Stored data:
========================================================================

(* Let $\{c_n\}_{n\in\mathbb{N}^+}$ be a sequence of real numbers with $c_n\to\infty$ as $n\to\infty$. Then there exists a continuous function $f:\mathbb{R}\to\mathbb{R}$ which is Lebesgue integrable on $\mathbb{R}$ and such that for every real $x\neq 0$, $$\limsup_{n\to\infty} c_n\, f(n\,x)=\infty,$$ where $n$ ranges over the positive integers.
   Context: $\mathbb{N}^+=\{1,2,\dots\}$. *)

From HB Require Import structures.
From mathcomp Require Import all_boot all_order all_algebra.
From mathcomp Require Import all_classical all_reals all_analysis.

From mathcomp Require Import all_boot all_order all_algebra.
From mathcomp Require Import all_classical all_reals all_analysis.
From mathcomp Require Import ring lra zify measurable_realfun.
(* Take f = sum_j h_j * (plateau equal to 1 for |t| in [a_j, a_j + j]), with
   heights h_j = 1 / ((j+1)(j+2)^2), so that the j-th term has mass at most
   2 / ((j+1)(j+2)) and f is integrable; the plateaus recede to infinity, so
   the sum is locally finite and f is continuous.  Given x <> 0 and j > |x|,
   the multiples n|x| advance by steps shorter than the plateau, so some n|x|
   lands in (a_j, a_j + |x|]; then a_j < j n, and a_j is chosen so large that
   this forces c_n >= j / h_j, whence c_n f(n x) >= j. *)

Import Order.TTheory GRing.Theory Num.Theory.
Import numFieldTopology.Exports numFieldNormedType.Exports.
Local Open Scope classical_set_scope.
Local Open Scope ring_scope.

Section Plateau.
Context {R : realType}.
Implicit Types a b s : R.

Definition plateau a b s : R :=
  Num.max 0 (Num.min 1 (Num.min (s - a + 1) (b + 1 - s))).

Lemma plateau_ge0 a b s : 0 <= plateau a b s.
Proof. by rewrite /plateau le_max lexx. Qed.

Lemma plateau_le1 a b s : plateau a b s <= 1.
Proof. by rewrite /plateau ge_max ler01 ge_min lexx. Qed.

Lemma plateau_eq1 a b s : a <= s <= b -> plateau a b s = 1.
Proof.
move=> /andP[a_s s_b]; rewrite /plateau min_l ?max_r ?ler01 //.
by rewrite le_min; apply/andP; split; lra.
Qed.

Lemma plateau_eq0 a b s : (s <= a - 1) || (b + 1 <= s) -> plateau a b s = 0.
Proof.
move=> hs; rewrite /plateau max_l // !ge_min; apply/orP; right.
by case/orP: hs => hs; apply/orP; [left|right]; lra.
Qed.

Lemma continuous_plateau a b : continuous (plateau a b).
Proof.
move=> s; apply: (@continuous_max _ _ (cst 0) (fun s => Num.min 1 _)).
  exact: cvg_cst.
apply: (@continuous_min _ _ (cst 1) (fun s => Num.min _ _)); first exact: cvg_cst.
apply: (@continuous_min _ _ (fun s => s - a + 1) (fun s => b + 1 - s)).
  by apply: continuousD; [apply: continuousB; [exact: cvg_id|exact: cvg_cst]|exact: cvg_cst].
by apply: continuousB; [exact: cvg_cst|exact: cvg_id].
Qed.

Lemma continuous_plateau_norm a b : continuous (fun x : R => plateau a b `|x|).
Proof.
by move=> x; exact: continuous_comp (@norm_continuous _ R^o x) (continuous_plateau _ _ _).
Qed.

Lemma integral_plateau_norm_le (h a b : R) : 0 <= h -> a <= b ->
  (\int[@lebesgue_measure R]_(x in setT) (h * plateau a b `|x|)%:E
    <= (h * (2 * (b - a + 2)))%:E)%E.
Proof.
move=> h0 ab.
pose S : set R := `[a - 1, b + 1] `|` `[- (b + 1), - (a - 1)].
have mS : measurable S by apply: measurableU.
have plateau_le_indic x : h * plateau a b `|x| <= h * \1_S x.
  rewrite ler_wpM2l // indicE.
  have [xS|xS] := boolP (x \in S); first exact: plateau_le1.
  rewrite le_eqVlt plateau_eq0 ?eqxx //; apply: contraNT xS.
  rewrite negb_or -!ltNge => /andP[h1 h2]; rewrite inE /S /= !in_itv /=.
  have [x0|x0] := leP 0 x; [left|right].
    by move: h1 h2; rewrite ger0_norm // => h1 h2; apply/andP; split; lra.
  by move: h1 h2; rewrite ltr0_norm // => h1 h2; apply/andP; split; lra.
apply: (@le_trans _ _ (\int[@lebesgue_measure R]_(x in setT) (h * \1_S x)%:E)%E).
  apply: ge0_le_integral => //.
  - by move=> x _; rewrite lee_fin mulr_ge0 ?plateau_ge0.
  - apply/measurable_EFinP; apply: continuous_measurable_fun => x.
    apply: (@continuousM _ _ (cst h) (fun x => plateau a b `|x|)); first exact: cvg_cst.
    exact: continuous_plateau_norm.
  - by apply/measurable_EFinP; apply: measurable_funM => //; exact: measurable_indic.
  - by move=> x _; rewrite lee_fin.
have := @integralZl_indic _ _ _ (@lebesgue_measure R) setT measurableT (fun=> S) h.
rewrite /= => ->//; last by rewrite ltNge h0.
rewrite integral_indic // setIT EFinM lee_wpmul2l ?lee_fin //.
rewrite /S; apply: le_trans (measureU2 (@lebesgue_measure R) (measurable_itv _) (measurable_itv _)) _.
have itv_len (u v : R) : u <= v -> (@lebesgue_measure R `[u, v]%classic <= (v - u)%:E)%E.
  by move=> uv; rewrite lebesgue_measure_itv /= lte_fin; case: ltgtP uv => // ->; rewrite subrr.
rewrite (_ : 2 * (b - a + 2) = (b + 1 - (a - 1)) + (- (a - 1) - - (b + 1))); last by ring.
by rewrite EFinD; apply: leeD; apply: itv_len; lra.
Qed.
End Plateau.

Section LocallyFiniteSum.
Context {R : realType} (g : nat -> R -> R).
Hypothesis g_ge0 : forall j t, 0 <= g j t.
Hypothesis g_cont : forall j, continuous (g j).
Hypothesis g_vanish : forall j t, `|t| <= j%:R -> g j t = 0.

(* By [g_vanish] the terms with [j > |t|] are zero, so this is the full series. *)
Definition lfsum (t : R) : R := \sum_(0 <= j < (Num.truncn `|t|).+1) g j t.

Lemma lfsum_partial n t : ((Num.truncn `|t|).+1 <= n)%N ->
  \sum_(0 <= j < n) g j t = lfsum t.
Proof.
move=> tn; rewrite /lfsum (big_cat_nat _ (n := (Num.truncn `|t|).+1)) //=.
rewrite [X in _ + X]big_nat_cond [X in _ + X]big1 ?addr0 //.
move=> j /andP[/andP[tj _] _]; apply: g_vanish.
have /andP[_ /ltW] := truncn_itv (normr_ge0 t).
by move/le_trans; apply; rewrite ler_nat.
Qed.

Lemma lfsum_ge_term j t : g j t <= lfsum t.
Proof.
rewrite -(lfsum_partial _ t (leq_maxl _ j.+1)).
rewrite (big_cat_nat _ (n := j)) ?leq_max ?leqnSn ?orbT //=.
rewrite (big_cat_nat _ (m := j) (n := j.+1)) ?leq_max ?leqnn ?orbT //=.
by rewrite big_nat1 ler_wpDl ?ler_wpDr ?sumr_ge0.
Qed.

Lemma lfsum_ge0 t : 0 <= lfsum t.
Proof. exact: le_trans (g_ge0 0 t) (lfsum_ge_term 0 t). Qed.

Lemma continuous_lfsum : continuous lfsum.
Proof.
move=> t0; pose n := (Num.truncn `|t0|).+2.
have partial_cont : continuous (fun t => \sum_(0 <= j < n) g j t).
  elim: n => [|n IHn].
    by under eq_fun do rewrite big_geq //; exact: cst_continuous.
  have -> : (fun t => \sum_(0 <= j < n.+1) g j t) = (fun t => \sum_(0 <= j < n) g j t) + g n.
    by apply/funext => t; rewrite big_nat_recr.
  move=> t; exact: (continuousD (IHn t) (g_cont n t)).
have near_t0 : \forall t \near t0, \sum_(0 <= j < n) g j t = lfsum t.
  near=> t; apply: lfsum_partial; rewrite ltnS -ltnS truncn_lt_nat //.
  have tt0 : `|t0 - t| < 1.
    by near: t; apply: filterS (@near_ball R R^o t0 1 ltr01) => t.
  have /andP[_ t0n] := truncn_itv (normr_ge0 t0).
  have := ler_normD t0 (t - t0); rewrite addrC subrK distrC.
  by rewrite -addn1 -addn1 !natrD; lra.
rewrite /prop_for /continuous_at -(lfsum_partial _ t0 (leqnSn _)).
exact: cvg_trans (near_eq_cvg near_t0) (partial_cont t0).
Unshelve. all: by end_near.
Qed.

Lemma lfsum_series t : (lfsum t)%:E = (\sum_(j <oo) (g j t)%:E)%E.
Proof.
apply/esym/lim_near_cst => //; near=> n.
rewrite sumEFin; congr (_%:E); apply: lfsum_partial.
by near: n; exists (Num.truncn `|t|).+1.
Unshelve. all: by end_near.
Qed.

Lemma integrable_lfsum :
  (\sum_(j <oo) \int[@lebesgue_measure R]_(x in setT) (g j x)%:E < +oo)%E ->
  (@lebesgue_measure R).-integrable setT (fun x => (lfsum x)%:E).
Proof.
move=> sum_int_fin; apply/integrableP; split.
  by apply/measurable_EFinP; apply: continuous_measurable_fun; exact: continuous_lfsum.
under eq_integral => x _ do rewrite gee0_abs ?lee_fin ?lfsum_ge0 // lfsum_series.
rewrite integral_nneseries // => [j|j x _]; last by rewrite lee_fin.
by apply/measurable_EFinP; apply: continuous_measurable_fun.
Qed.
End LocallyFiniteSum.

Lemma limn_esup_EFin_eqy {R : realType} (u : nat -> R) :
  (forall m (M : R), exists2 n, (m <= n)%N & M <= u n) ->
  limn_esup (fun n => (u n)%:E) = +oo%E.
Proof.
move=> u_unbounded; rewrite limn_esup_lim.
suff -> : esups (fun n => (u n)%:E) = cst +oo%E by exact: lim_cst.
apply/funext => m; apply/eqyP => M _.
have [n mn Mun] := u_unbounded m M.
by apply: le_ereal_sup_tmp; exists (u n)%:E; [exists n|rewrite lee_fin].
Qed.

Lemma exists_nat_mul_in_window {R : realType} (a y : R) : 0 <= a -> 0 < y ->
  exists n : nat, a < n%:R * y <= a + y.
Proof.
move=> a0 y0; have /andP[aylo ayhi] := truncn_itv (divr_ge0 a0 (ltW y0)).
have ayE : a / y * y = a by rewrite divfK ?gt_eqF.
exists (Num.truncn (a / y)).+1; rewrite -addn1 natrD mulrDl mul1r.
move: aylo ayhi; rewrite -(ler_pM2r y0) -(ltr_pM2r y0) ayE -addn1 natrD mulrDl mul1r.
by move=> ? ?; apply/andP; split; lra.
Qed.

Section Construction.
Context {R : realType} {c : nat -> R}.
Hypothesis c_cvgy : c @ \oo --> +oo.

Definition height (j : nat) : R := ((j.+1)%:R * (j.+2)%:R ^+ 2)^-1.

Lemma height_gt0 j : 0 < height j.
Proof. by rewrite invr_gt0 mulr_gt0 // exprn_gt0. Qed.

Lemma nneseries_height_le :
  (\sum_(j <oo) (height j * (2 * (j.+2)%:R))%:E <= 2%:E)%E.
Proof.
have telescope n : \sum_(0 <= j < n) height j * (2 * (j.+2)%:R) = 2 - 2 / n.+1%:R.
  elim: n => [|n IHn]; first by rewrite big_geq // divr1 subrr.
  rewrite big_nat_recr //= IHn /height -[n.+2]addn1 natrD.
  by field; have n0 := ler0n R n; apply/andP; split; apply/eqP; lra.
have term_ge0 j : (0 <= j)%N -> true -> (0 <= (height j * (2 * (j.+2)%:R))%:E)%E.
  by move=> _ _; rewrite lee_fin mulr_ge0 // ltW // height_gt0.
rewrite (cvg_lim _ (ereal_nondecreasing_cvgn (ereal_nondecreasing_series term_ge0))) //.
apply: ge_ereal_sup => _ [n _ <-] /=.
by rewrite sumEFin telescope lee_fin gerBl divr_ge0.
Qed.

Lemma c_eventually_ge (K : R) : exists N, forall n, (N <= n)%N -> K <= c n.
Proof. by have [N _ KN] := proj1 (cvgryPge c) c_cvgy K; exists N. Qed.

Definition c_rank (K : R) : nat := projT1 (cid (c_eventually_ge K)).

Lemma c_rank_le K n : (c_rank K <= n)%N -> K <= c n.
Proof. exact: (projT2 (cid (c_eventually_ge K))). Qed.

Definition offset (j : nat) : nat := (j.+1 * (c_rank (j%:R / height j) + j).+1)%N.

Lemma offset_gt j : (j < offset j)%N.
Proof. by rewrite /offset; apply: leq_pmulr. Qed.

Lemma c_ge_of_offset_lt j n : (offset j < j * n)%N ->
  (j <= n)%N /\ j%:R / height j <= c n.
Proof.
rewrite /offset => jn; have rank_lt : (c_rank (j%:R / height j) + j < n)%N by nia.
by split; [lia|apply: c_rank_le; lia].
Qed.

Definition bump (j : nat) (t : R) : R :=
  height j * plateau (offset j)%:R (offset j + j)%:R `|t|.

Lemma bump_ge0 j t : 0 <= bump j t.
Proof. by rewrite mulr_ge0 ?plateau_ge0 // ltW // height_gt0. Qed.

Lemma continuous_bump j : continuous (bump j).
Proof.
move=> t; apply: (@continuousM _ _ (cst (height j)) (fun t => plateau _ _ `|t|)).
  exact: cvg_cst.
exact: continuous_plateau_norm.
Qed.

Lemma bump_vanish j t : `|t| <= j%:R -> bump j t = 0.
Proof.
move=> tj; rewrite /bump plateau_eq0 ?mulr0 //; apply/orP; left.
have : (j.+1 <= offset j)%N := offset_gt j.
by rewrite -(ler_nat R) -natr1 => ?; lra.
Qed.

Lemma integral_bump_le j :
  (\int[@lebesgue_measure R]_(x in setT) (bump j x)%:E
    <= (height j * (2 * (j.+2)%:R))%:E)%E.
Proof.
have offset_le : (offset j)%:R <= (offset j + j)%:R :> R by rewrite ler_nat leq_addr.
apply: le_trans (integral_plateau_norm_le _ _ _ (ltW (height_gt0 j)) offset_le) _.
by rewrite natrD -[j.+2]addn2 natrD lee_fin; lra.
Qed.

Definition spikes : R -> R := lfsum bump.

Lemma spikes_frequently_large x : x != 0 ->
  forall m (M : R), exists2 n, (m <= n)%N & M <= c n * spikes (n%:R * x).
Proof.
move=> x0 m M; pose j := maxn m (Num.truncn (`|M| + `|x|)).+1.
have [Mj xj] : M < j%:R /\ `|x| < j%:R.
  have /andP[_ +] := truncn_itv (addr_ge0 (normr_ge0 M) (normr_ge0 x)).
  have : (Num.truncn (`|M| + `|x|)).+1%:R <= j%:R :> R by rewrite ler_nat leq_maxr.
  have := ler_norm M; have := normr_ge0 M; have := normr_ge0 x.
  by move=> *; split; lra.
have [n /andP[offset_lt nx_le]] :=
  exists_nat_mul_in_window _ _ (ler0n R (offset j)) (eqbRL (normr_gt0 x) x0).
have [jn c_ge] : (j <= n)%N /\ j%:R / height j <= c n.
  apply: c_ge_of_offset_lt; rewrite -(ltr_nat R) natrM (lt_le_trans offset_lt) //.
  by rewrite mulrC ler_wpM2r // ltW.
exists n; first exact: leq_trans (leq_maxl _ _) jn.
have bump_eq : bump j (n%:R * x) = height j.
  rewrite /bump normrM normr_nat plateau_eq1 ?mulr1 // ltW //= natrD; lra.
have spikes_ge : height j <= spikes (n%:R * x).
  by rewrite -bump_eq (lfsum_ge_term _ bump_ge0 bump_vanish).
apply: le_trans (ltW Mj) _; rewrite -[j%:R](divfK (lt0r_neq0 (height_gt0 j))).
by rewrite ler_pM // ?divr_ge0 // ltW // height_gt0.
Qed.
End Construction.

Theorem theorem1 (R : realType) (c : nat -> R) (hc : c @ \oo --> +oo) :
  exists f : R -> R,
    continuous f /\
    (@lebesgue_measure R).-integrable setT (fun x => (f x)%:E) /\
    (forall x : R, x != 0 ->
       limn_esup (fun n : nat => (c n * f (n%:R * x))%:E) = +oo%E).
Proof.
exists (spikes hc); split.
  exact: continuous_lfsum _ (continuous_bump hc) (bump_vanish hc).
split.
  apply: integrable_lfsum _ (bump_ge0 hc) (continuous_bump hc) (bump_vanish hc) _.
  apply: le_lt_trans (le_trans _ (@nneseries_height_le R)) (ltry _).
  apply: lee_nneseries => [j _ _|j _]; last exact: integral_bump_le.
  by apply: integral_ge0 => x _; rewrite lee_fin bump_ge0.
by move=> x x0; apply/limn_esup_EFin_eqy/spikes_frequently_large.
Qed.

========================================================================

WORK REQUEST: Gather from the entries above all lines that include the string "first".

OUTPUT FOR THIS TASK:
apply: (@continuous_min _ _ (cst 1) (fun s => Num.min _ _)); first exact: cvg_cst.
  have [xS|xS] := boolP (x \in S); first exact: plateau_le1.
    apply: (@continuousM _ _ (cst h) (fun x => plateau a b `|x|)); first exact: cvg_cst.
  elim: n => [|n IHn]; first by rewrite big_geq // divr1 subrr.
exists n; first exact: leq_trans (leq_maxl _ _) jn.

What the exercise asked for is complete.